Adaptive MIMO Transmission for Exploiting the

Capacity of Spatially Correlated Channels


Antonio Forenza, Matthew R. McKay, Ashish Pandharipande,  Robert W. Heath Jr, and Iain B. Collings



submitted to IEEE Trans. on Vehic. Tech., May 2005.


We consider a novel low-complexity adaptive multiple-input multiple-output (MIMO) transmission approach. The approach is based on switching between low-complexity schemes including statistical beamforming, double space-time transmit diversity, and spatial multiplexing, depending on the changing channel statistics, as a practical means of approaching the spatially-correlated MIMO channel capacity. We first derive new ergodic capacity expressions for each MIMO transmission scheme in spatially-correlated channels.

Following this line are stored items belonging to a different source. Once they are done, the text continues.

Lemma exists_pos_lower_bound (R : realFieldType) (r : seq R) (e : R) :
  0 < e -> all (fun x => 0 < x) r ->
  exists2 delta, 0 < delta <= e & all (fun x => delta <= x) r.
Proof.
elim: r => [|x r IH] e_gt0 /=; first by exists e; rewrite ?e_gt0 /=.
case/andP => x_gt0 /(IH e_gt0)-[delta /andP[delta_gt0 le_delta] r_ge].
exists (Num.min delta x); first by rewrite lt_min delta_gt0 x_gt0 ge_min le_delta.
rewrite ge_min lexx orbT /=; apply: sub_all r_ge => y le_y.
by rewrite ge_min le_y.
Qed.

Section FractionalPart.
Variable R : archiRealFieldType.
Implicit Types (x y b gamma : R) (m : int).

Definition frac x : R := x - (Num.floor x)%:~R.

Definition lower_half x : bool := frac x < 2^-1.

Definition half_breaks gamma : seq R := [:: frac (- gamma); frac (2^-1 - gamma)].

Lemma frac_ge0 x : 0 <= frac x.
Proof. by rewrite subr_ge0 floor_le. Qed.

Lemma frac_lt1 x : frac x < 1.
Proof. by have := floorD1_gt x; rewrite /frac intrD; lra. Qed.

Lemma floor_itv01 x : 0 <= x < 1 -> Num.floor x = 0.
Proof. by move=> x01; apply/eqP; rewrite floor_eq. Qed.

Lemma frac_id x : 0 <= x < 1 -> frac x = x.
Proof. by move=> /floor_itv01; rewrite /frac => ->; rewrite subr0. Qed.

Lemma fracDz x m : frac (x + m%:~R) = frac x.
Proof.
by rewrite /frac floorDrz ?intr_int // intrKfloor intrD opprD addrACA subrr addr0.
Qed.

Lemma fracDl x y : frac (frac x + y) = frac (x + y).
Proof. by rewrite addrAC -intrN fracDz. Qed.

Lemma frac_eq x y : frac x = frac y -> x - y = (Num.floor x - Num.floor y)%:~R.
Proof. by rewrite /frac intrB; lra. Qed.

Lemma floor_eq_no_int x y : x <= y -> (forall m, ~~ (x < m%:~R <= y)) ->
  Num.floor x = Num.floor y.
Proof.
move=> le_xy no_int; apply/esym/eqP; rewrite floor_eq (le_trans (floor_le x)) //=.
by rewrite ltNge; apply: contra (no_int (Num.floor x + 1)) => ->; rewrite floorD1_gt.
Qed.

Lemma floor_eq_double x y : x <= y -> Num.floor (x *+ 2) = Num.floor (y *+ 2) ->
  Num.floor x = Num.floor y.
Proof.
move=> le_xy eq2; apply: floor_eq_no_int => // m; apply/negP => /andP[lt_xm le_my].
have : Num.floor (x *+ 2) < m *+ 2 by rewrite floor_lt_int rmorphMn; lra.
by rewrite eq2 ltNge floor_ge_int rmorphMn; lra.
Qed.

Lemma lower_halfE x : lower_half x = (Num.floor (x *+ 2) == (Num.floor x) *+ 2).
Proof.
rewrite /lower_half /frac floor_eq intrD rmorphMn (_ : 1%:~R = 1) //.
have := floor_le x; set n := (Num.floor x)%:~R.
by move=> le_nx; apply/idP/andP => [lt_x|[_ lt_x]]; [split|]; lra.
Qed.

Lemma lower_half_eq x y : x <= y -> Num.floor (x *+ 2) = Num.floor (y *+ 2) ->
  lower_half x = lower_half y.
Proof. by move=> le_xy eq2; rewrite !lower_halfE eq2 (floor_eq_double le_xy eq2). Qed.

Lemma lower_half_fracDl x y : lower_half (frac x + y) = lower_half (x + y).
Proof. by rewrite /lower_half fracDl. Qed.

Lemma floor_double_const gamma theta1 theta2 :
  0 <= theta1 -> theta1 <= theta2 -> theta2 < 1 ->
  (forall b, b \in half_breaks gamma -> ~~ (theta1 < b <= theta2)) ->
  Num.floor ((theta1 + gamma) *+ 2) = Num.floor ((theta2 + gamma) *+ 2).
Proof.
move=> ge0_t1 le_t12 lt1_t2 no_break; apply: floor_eq_no_int; first lra.
move=> m; apply/negP => /andP[lt_m le_m].
pose b := m%:~R / 2 - gamma.
have b_in : theta1 < b <= theta2 by rewrite /b; apply/andP; split; lra.
have r_01 : (m %% 2)%Z = 0 \/ (m %% 2)%Z = 1.
  by have := @modz_ge0 m 2; have := @ltz_pmod m 2; lia.
have /no_break : frac b \in half_breaks gamma.
  rewrite /b {1}(divz_eq m 2) intrD intrM mulrDl mulfK ?pnatr_eq0 // -addrA addrC fracDz.
  by case: r_01 => ->; rewrite ?mul0r ?sub0r ?mul1r !inE eqxx ?orbT.
by rewrite frac_id ?b_in //; lra.
Qed.

Lemma lower_half_left_const y delta : 0 <= delta -> delta *+ 2 <= frac (y *+ 2) ->
  lower_half (y - delta) = lower_half y.
Proof.
move=> delta_ge0; rewrite /frac => le_delta; apply: lower_half_eq; first lra.
have := floorD1_gt (y *+ 2); rewrite intrD (_ : 1%:~R = 1) // => lt_floor.
apply/eqP; rewrite floor_eq intrD (_ : 1%:~R = 1) //.
by move: le_delta lt_floor; set n := (Num.floor _)%:~R => *; apply/andP; split; lra.
Qed.

Lemma lower_half_free (M : zmodType) (I : eqType) (s : seq I) (gamma : I -> R)
    (c : I -> M) :
  uniq s ->
  {in s &, forall i j, i != j -> forall m, (gamma i - gamma j) *+ 2 != m%:~R} ->
  (forall theta, \sum_(i <- s) c i *+ lower_half (theta + gamma i) = 0) ->
  {in s, forall i, c i = 0}.
Proof.
move=> s_uniq sep vanish i0 s_i0.
(* Only the i0-th indicator jumps at theta1; the others are constant just to its left. *)
pose theta1 := 2^-1 - gamma i0.
pose eps j := frac ((theta1 + gamma j) *+ 2).
have eps_gt0 j : j \in s -> j != i0 -> 0 < eps j.
  move=> s_j ne_j; rewrite lt_def frac_ge0 andbT.
  apply: contra (sep j i0 s_j s_i0 ne_j (Num.floor ((theta1 + gamma j) *+ 2) - 1)).
  by rewrite /eps /frac subr_eq0 intrB => /eqP <-; apply/eqP; rewrite /theta1; lra.
have [delta /andP[delta_gt0 delta_le] /allP delta_eps] : exists2 delta,
    0 < delta <= 2^-1 & all (fun x => delta <= x) [seq eps j / 2 | j <- s & j != i0].
  apply: exists_pos_lower_bound; first by rewrite invr_gt0 ltr0n.
  apply/allP => x /mapP[j]; rewrite mem_filter => /andP[ne_j s_j] ->.
  by rewrite divr_gt0 ?eps_gt0.
have others : \sum_(j <- s | j != i0) c j *+ lower_half (theta1 - delta + gamma j) =
    \sum_(j <- s | j != i0) c j *+ lower_half (theta1 + gamma j).
  rewrite big_seq_cond [RHS]big_seq_cond; apply: eq_bigr => j /andP[s_j ne_j].
  have : delta <= eps j / 2.
    by apply/delta_eps/(map_f (fun j => eps j / 2)); rewrite mem_filter ne_j.
  by rewrite addrAC /eps => le_delta; rewrite lower_half_left_const //; lra.
have jump_i0 : lower_half (theta1 + gamma i0) = false.
  by rewrite /theta1 subrK /lower_half frac_id ?ltxx //; apply/andP; split; lra.
have jump_i0' : lower_half (theta1 - delta + gamma i0) = true.
  rewrite /theta1 addrAC subrK /lower_half frac_id; first lra.
  by apply/andP; split; lra.
have := vanish theta1; have := vanish (theta1 - delta).
rewrite !(bigD1_seq i0) //= others jump_i0 jump_i0' mulr1n mulr0n add0r => + rest0.
by rewrite rest0 addr0.
Qed.

End FractionalPart.

Section Tower.
Variables (R : archiRealFieldType) (X : finType) (x0 : X).
Implicit Types (t : R) (p : X * R) (P : seq R).

Let N : R := #|X|%:R.

Let N_gt0 : 0 < N.
Proof. by rewrite ltr0n; apply/card_gt0P; exists x0. Qed.

Definition tower p : R := ((index p.1 (enum X))%:R + p.2) / N.

Definition untower t : X * R :=
  (nth x0 (enum X) `|Num.floor (t * N)|%N, frac (t * N)).

Definition tower_breaks P : seq R := [seq tower (a, b) | a <- enum X, b <- 0 :: P].

Lemma tower_itv p : 0 <= p.2 < 1 -> 0 <= tower p < 1.
Proof.
case: p => a theta /= /andP[ge0 lt1].
have : (index a (enum X)).+1%:R <= N by rewrite ler_nat cardE index_mem mem_enum.
rewrite -addn1 natrD => lt_N.
have ge0_i := ler0n R (index a (enum X)).
by rewrite /tower ler_pdivlMr // ltr_pdivrMr // mul0r mul1r /=; apply/andP; split; lra.
Qed.

Lemma towerK p : 0 <= p.2 < 1 -> untower (tower p) = p.
Proof.
case: p => a theta /= theta01; rewrite /untower /tower mulfVK ?gt_eqF //.
rewrite pmulrn floorDzr ?intr_int // intrKfloor floor_itv01 // addr0 /=.
rewrite nth_index ?mem_enum //.
by rewrite addrC fracDz frac_id.
Qed.

Lemma untower_itv t : 0 <= (untower t).2 < 1.
Proof. by rewrite frac_ge0 frac_lt1. Qed.

Lemma untowerK t : 0 <= t < 1 -> tower (untower t) = t.
Proof.
move=> /andP[ge0 lt1].
have ge0_fl : 0 <= Num.floor (t * N) by rewrite floor_ge0 mulr_ge0 // ltW.
have lt_fl : (`|Num.floor (t * N)| < #|X|)%N.
  by rewrite -ltz_nat gez0_abs // floor_lt_int -pmulrn -/N; have := N_gt0; nra.
rewrite /tower /untower /= index_uniq ?enum_uniq -?cardE // natr_absz ger0_norm //.
by rewrite /frac addrC subrK mulfK ?gt_eqF.
Qed.

Lemma towerB a theta1 theta2 :
  tower (a, theta2) - tower (a, theta1) = (theta2 - theta1) / N.
Proof. by rewrite /tower -mulrBl /= opprD addrACA subrr add0r. Qed.

Lemma untower_floor_const P t1 t2 : 0 <= t1 -> t1 <= t2 -> t2 < 1 ->
    (forall b, b \in tower_breaks P -> ~~ (t1 < b <= t2)) ->
  Num.floor (t1 * N) = Num.floor (t2 * N).
Proof.
move=> ge0_t1 le_t12 lt1_t2 no_break; have N_pos := N_gt0.
apply: floor_eq_no_int => [|m]; first by rewrite ler_pM2r.
apply/negP => /andP[lt_m le_m].
have m_ge0 : 0 <= m by rewrite -(ler0z R); nra.
have m_lt : (`|m| < #|X|)%N by rewrite -ltz_nat gez0_abs // -(ltr_int R) -pmulrn -/N; nra.
pose a := nth x0 (enum X) `|m|.
have : tower (a, 0) \in tower_breaks P by apply: allpairs_f; rewrite ?mem_enum ?mem_head.
move/no_break; apply/negP/negPn; rewrite /tower /a index_uniq ?enum_uniq -?cardE //.
by rewrite addr0 natr_absz ger0_norm // ltr_pdivlMr // ler_pdivrMr // lt_m le_m.
Qed.

Lemma untower_local P t1 t2 : 0 <= t1 -> t1 <= t2 -> t2 < 1 ->
    (forall b, b \in tower_breaks P -> ~~ (t1 < b <= t2)) ->
  [/\ (untower t2).1 = (untower t1).1, (untower t1).2 <= (untower t2).2 &
      forall b, b \in P -> ~~ ((untower t1).2 < b <= (untower t2).2)].
Proof.
move=> ge0_t1 le_t12 lt1_t2 no_break; have N_pos := N_gt0.
have floor_eq_t := untower_floor_const ge0_t1 le_t12 lt1_t2 no_break.
have same_level : (untower t2).1 = (untower t1).1 by rewrite /untower /= floor_eq_t.
have heightB : (untower t2).2 - (untower t1).2 = (t2 - t1) * N.
  by rewrite /= /frac floor_eq_t mulrBl; set n := (Num.floor _)%:~R; lra.
split=> // [|b P_b]; first by rewrite -subr_ge0 heightB mulr_ge0 ?subr_ge0 // ltW.
have : tower ((untower t1).1, b) \in tower_breaks P.
  by apply: allpairs_f; rewrite ?mem_enum ?inE ?P_b ?orbT.
move/no_break; apply: contra => /andP[lt_b le_b].
have t1_itv : 0 <= t1 < 1 by apply/andP; split; lra.
have t2_itv : 0 <= t2 < 1 by apply/andP; split; lra.
have := towerB (untower t1).1 (untower t1).2 b.
have := towerB (untower t1).1 b (untower t2).2.
move=> E2 E1; rewrite -surjective_pairing untowerK // in E1.
rewrite -[in tower (_, (untower t2).2)]same_level -surjective_pairing untowerK // in E2.
apply/andP; split; first by rewrite -subr_gt0 E1 divr_gt0 // subr_gt0.
by rewrite -subr_ge0 E2 divr_ge0 ?subr_ge0 // ltW.
Qed.
End Tower.

Section CircleRotations.
Variables (R : archiRealFieldType) (d : nat) (alpha : 'I_d -> R).

Definition rot (v : Zd d) : R := \sum_(i < d) (v 0 i)%:~R * alpha i.

Lemma rot_is_zmod_morphism : zmod_morphism rot.
Proof.
by move=> v w; rewrite /rot -sumrB; apply: eq_bigr => i _; rewrite !mxE intrB mulrBl.
Qed.

HB.instance Definition _ := GRing.isZmodMorphism.Build (Zd d) R rot rot_is_zmod_morphism.

End CircleRotations.

Section WreathAction.
Variables (R : archiRealFieldType) (d : nat) (alpha : 'I_d -> R) (A : finZmodType).
Hypothesis rot_int_free : forall v (m : int), rot alpha v = m%:~R -> v = 0.
Local Notation rot := (rot alpha).
Local Notation wreath := ((Zd d -> A) * Zd d)%type.
Implicit Types (f : Zd d -> A) (v w : Zd d) (x y : wreath) (theta : R) (p : A * R).

Definition cocycle f v theta : A :=
  fsum (fun g => f g *+ lower_half (theta + rot (v - g))).

Definition act x p : A * R := (p.1 + cocycle x.1 x.2 p.2, frac (p.2 + rot x.2)).

Lemma support_in_cocycle f v theta s : support_in f s ->
  support_in (fun g => f g *+ lower_half (theta + rot (v - g))) s.
Proof. by move=> f_s g; case: lower_half; rewrite ?eqxx // => /f_s. Qed.

Lemma finsupp_cocycle f v theta :
  finsupp f -> finsupp (fun g => f g *+ lower_half (theta + rot (v - g))).
Proof. by move=> [s f_s]; exists s; apply: support_in_cocycle. Qed.

Lemma cocycleE f v theta s : uniq s -> support_in f s ->
  cocycle f v theta = \sum_(g <- s) f g *+ lower_half (theta + rot (v - g)).
Proof. by move=> s_uniq f_s; apply/fsumE/support_in_cocycle. Qed.

Lemma cocycle_frac f v theta : cocycle f v (frac theta) = cocycle f v theta.
Proof. by apply: eq_fsum => g; rewrite lower_half_fracDl. Qed.

Lemma cocycle_rot f v w theta : cocycle f (w + v) theta = cocycle f v (theta + rot w).
Proof. by apply: eq_fsum => g; rewrite -addrA raddfD addrA. Qed.

Lemma cocycleD f1 f2 v theta : finsupp f1 -> finsupp f2 ->
  cocycle (fun g => f1 g + f2 g) v theta = cocycle f1 v theta + cocycle f2 v theta.
Proof.
move=> f1_fin f2_fin; rewrite /cocycle -fsumD; try exact: finsupp_cocycle.
by apply: eq_fsum => g; rewrite /= mulrnDl.
Qed.

Lemma cocycle_shift f v w theta : finsupp f ->
  cocycle (zshift w f) (w + v) theta = cocycle f v theta.
Proof.
move=> f_fin; rewrite /cocycle -(fsum_translate w (finsupp_cocycle v theta f_fin)).
by apply: eq_fsum => g; rewrite /zshift opprB addrA (addrC v).
Qed.

Lemma act_mul x y p : finsupp x.1 -> finsupp y.1 -> act (wr_mul x y) p = act x (act y p).
Proof.
case: x y p => [f v] [f' v'] [a theta] /= f_fin f'_fin; rewrite /act /=; congr pair.
  rewrite cocycleD ?cocycle_shift ?cocycle_frac ?(addrC v) ?cocycle_rot //.
    by rewrite [X in a + X]addrC addrA.
  exact: finsupp_translate.
by rewrite fracDl raddfD [rot v + _]addrC addrA.
Qed.

Lemma act_unit x p : x.1 =1 (fun=> 0) -> x.2 = 0 -> act x p = (p.1, frac p.2).
Proof.
case: x => f v /= f0 ->; rewrite /act /cocycle raddf0 addr0 (eq_fsum (G := fun=> 0)).
  by rewrite fsum0 addr0.
by move=> g; rewrite /= f0 mul0rn.
Qed.

Definition wr_inv x : wreath := (fun g => - x.1 (g + x.2), - x.2).

Lemma finsupp_wr_inv x : finsupp x.1 -> finsupp (wr_inv x).1.
Proof.
move=> /(finsupp_translate (- x.2)) [s f_s]; exists s => g.
by rewrite oppr_eq0 -[x.2]opprK => /f_s.
Qed.

Lemma wr_mulVx x : (wr_mul (wr_inv x) x).1 =1 (fun=> 0) /\ (wr_mul (wr_inv x) x).2 = 0.
Proof. by split=> [g|]; rewrite /= ?/zshift ?opprK addNr. Qed.

Lemma wr_mulxV x : (wr_mul x (wr_inv x)).1 =1 (fun=> 0) /\ (wr_mul x (wr_inv x)).2 = 0.
Proof. by split=> [g|]; rewrite /= ?/zshift ?subrK addrN. Qed.
Section PenroseComplements.
Variables (R : rcfType) (m n : nat) (A : 'M[R[i]]_(m, n)) (Ap : 'M[R[i]]_(n, m)).
Hypothesis pinvA : is_pinv A Ap.

Lemma ctrmx_complAAp : ctrmx (1%:M - A *m Ap) = 1%:M - A *m Ap.
Proof. by case: pinvA => _ _ AAp_herm _; rewrite ctrmxB ctrmx1 AAp_herm. Qed.

Lemma ctrmx_complApA : ctrmx (1%:M - Ap *m A) = 1%:M - Ap *m A.
Proof. by case: pinvA => _ _ _ ApA_herm; rewrite ctrmxB ctrmx1 ApA_herm. Qed.

Lemma complAAp_mul : (1%:M - A *m Ap) *m A = 0.
Proof. by case: pinvA => AApA _ _ _; rewrite mulmxBl mul1mx AApA subrr. Qed.

Lemma pinv_mul_complAAp : Ap *m (1%:M - A *m Ap) = 0.
Proof. by case: pinvA => _ ApAAp _ _; rewrite mulmxBr mulmx1 mulmxA ApAAp subrr. Qed.

Lemma mul_complApA : A *m (1%:M - Ap *m A) = 0.
Proof. by case: pinvA => AApA _ _ _; rewrite mulmxBr mulmx1 mulmxA AApA subrr. Qed.

Lemma complApA_mul_pinv : (1%:M - Ap *m A) *m Ap = 0.
Proof. by case: pinvA => _ ApAAp _ _; rewrite mulmxBl mul1mx ApAAp subrr. Qed.

End PenroseComplements.

Lemma pinv_sub_decomp (T : pzRingType) m n (A B : 'M[T]_(m, n)) (Ap Bp : 'M[T]_(n, m)) :
  Bp - Ap = - (Bp *m (B - A) *m Ap) + Bp *m (1%:M - A *m Ap) - (1%:M - Bp *m B) *m Ap.
Proof.
rewrite !mulmxBr !mulmxBl !mulmx1 !mul1mx !mulmxA.
by rewrite opprB [_ + (Bp - _)]addrC addrA subrK opprB addrA subrK.
Qed.

Section PinvPerturbation.
Variables (R : realType) (m n : nat) (A B : 'M[R[i]]_(m, n)) (Ap Bp : 'M[R[i]]_(n, m)).
Hypotheses (pinvA : is_pinv A Ap) (pinvB : is_pinv B Bp).

Lemma frobsq_pinv_sub :
  frobsq (Bp - Ap) = frobsq (Bp *m (B - A) *m Ap) + frobsq (Bp *m (1%:M - A *m Ap))
                     + frobsq ((1%:M - Bp *m B) *m Ap).
Proof.
have Bp_complB : ctrmx Bp *m (1%:M - Bp *m B) = 0.
  by rewrite -(ctrmx_complApA pinvB) -ctrmxM (complApA_mul_pinv pinvB) ctrmx0.
rewrite (pinv_sub_decomp A B) frobsqD_col_orth; last first.
  have -> : - (Bp *m (B - A) *m Ap) + Bp *m (1%:M - A *m Ap)
            = Bp *m (1%:M - A *m Ap - (B - A) *m Ap) by rewrite [RHS]mulmxBr mulmxA addrC.
  by rewrite ctrmxM mulmxN -mulmxA (mulmxA (ctrmx Bp)) Bp_complB mul0mx mulmx0 oppr0.
rewrite frobsqD_row_orth ?frobsqN // mulNmx ctrmxM (ctrmx_complAAp pinvA).
by rewrite -!mulmxA (mulmxA Ap) (pinv_mul_complAAp pinvA) mul0mx !mulmx0 oppr0.
Qed.

Lemma frobsq_pinv_mulmx_le :
  frobsq (Ap *m (B - A))
  <= spec B ^+ 2 * frobsq (Ap *m (B - A) *m Bp) + spec A ^+ 2 * frobsq ((1%:M - Bp *m B) *m Ap).
Proof.
have split_X : Ap *m (B - A)
               = Ap *m (B - A) *m Bp *m B + Ap *m (B - A) *m (1%:M - Bp *m B).
  by set X := Ap *m (B - A); rewrite mulmxBr mulmx1 -mulmxA addrC subrK.
have X_complB : Ap *m (B - A) *m (1%:M - Bp *m B) = - ctrmx ((1%:M - Bp *m B) *m Ap *m A).
  rewrite -(mulmxA _ Ap A) ctrmxM (ctrmx_complApA pinvB); case: pinvA => _ _ _ ->.
  by rewrite (mulmxBr Ap) mulmxBl -!mulmxA (mul_complApA pinvB) mulmx0 sub0r.
rewrite [in X in X <= _]split_X X_complB frobsqD_row_orth ?frobsqN ?frobsq_ctrmx; last first.
  rewrite ctrmxN ctrmxK mulmxN -!mulmxA (mulmxA B) (mul_complApA pinvB).
  by rewrite mul0mx !mulmx0 oppr0.
by apply: lerD; rewrite mulrC; apply: frobsq_mulmxr_le.
Qed.

Lemma frobsq_mulmx_pinv_le :
  frobsq ((B - A) *m Bp)
  <= spec A ^+ 2 * frobsq (Ap *m (B - A) *m Bp) + spec B ^+ 2 * frobsq (Bp *m (1%:M - A *m Ap)).
Proof.
have split_Y : (B - A) *m Bp
               = A *m (Ap *m (B - A) *m Bp) + (1%:M - A *m Ap) *m ((B - A) *m Bp).
  by rewrite !mulmxA -!mulmxDl (addrC (A *m Ap)) subrK mul1mx.
have Y_complA : (1%:M - A *m Ap) *m ((B - A) *m Bp) = ctrmx (B *m (Bp *m (1%:M - A *m Ap))).
  rewrite (mulmxA B) ctrmxM (ctrmx_complAAp pinvA); case: pinvB => _ _ -> _.
  by rewrite (mulmxBl B A) mulmxBr (mulmxA _ A Bp) (complAAp_mul pinvA) mul0mx subr0.
have A_complA : ctrmx A *m (1%:M - A *m Ap) = 0.
  by rewrite -(ctrmx_complAAp pinvA) -ctrmxM (complAAp_mul pinvA) ctrmx0.
rewrite [in X in X <= _]split_Y Y_complA frobsqD_col_orth ?frobsq_ctrmx; last first.
  by rewrite -Y_complA ctrmxM -mulmxA (mulmxA (ctrmx A)) A_complA mul0mx mulmx0.
by apply: lerD; apply: frobsq_mulmxl_le.
Qed.

Lemma frobsq_pinv_sub_ge :
  (frobsq (Ap *m (B - A)) - spec B ^+ 2 * frobsq (Ap *m (B - A) *m Bp)) / spec A ^+ 2
  + (frobsq ((B - A) *m Bp) - spec A ^+ 2 * frobsq (Ap *m (B - A) *m Bp)) / spec B ^+ 2
  + frobsq (Bp *m (B - A) *m Ap) <= frobsq (Bp - Ap).
Proof.
rewrite frobsq_pinv_sub addrC -[X in _ <= X]addrA lerD2l [X in _ <= X]addrC.
apply: lerD; apply: ler_wpdivrMl; rewrite ?frobsq_ge0 ?exprn_ge0 ?spec_ge0 // lerBlDl.
- exact: frobsq_pinv_mulmx_le.
- exact: frobsq_mulmx_pinv_le.
Qed.

End PinvPerturbation.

Based on these results, we demonstrate that adaptive switching between MIMO schemes yields significant capacity gains over fixed transmission schemes. We also derive accurate analytical approximations for the optimal signal-to-noise ratio (SNR) switching thresholds, which correspond to the crossing-points of the capacity curves. These thresholds are shown to vary depending on the spatial correlation, and are used to identify key switching parameters. Finally, we propose a practical switching algorithm that is shown to yield significant spectral efficiency improvements over non-adaptive schemes for typical channel scenarios.